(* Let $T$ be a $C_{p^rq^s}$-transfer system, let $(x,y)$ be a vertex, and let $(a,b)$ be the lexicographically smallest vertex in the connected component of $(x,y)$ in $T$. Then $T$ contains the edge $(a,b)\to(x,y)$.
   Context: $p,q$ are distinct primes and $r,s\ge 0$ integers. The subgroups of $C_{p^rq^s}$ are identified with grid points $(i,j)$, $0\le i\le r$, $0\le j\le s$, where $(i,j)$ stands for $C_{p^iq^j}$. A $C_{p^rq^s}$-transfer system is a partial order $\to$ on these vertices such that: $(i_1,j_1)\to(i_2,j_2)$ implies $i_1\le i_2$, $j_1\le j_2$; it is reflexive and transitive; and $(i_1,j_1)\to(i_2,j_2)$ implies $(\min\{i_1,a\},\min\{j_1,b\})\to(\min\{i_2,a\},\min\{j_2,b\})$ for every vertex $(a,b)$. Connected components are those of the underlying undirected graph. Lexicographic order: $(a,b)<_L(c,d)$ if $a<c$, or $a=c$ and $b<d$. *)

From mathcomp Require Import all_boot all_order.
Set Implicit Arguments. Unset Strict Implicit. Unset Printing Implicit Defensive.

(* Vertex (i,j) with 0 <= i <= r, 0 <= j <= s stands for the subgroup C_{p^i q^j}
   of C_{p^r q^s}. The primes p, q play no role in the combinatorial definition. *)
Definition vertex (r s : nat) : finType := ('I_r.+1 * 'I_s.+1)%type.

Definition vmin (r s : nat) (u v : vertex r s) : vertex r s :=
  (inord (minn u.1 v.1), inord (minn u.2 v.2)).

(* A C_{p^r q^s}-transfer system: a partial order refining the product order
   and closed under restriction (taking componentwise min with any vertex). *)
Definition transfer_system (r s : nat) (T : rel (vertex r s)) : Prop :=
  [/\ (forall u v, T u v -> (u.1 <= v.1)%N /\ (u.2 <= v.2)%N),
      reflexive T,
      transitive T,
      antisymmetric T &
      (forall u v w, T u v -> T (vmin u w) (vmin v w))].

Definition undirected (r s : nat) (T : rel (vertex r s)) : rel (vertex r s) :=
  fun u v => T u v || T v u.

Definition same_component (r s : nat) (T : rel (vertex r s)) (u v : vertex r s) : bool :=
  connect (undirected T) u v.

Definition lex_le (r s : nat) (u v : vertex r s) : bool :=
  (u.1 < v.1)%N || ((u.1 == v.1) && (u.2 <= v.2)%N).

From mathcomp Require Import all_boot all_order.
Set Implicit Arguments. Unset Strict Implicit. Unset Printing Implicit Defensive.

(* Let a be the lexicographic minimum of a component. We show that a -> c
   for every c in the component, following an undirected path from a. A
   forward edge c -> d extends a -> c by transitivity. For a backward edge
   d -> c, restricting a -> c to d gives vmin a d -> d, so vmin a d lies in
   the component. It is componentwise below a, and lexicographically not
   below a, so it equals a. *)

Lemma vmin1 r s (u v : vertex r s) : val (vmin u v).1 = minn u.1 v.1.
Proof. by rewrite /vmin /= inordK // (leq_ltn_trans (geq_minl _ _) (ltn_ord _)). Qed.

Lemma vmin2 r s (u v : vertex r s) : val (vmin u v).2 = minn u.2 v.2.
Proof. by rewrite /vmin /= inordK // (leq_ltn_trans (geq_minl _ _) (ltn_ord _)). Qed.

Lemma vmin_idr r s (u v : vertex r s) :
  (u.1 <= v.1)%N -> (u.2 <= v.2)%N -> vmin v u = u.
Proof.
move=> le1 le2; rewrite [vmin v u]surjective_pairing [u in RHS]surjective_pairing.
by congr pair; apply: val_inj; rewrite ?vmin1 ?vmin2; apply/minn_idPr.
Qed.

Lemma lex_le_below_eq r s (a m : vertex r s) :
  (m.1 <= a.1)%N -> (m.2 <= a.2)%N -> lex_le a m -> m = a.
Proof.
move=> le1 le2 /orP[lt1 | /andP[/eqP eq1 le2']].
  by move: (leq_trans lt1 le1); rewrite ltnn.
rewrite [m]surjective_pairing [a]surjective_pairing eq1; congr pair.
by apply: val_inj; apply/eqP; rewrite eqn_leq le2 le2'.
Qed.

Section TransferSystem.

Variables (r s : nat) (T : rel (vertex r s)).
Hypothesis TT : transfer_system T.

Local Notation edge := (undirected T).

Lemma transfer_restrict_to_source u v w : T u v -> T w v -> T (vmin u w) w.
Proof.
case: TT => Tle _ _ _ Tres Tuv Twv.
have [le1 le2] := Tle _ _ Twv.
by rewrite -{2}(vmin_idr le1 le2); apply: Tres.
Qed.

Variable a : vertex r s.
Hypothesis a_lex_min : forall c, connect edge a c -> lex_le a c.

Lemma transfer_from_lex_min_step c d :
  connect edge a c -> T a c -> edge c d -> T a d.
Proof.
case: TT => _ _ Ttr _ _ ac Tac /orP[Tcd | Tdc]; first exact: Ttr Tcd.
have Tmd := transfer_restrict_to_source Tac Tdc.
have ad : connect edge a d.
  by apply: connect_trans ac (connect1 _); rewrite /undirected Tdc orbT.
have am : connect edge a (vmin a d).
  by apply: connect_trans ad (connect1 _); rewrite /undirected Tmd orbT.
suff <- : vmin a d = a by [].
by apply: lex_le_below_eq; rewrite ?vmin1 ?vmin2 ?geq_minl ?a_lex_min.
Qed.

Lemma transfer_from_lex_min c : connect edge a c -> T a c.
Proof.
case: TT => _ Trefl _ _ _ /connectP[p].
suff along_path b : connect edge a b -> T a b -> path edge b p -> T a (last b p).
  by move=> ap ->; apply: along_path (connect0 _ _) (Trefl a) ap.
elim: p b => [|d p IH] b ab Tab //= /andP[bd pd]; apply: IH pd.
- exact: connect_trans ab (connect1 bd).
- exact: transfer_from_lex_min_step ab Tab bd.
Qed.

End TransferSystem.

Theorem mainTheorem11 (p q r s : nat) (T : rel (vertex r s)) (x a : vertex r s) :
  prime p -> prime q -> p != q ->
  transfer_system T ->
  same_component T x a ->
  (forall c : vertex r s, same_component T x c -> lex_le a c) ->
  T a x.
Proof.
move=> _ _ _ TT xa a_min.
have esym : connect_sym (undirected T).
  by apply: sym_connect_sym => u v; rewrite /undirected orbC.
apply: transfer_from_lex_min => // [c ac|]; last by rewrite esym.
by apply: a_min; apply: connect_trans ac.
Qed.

### TASK GOAL
Using the data above, print exactly the lines from the line that contains "(* Vertex (i,j)" through the line that contains "Definition vmin (r", with both included.

### PROBLEM SOLUTION
(* Vertex (i,j) with 0 <= i <= r, 0 <= j <= s stands for the subgroup C_{p^i q^j}
   of C_{p^r q^s}. The primes p, q play no role in the combinatorial definition. *)
Definition vertex (r s : nat) : finType := ('I_r.+1 * 'I_s.+1)%type.

Definition vmin (r s : nat) (u v : vertex r s) : vertex r s :=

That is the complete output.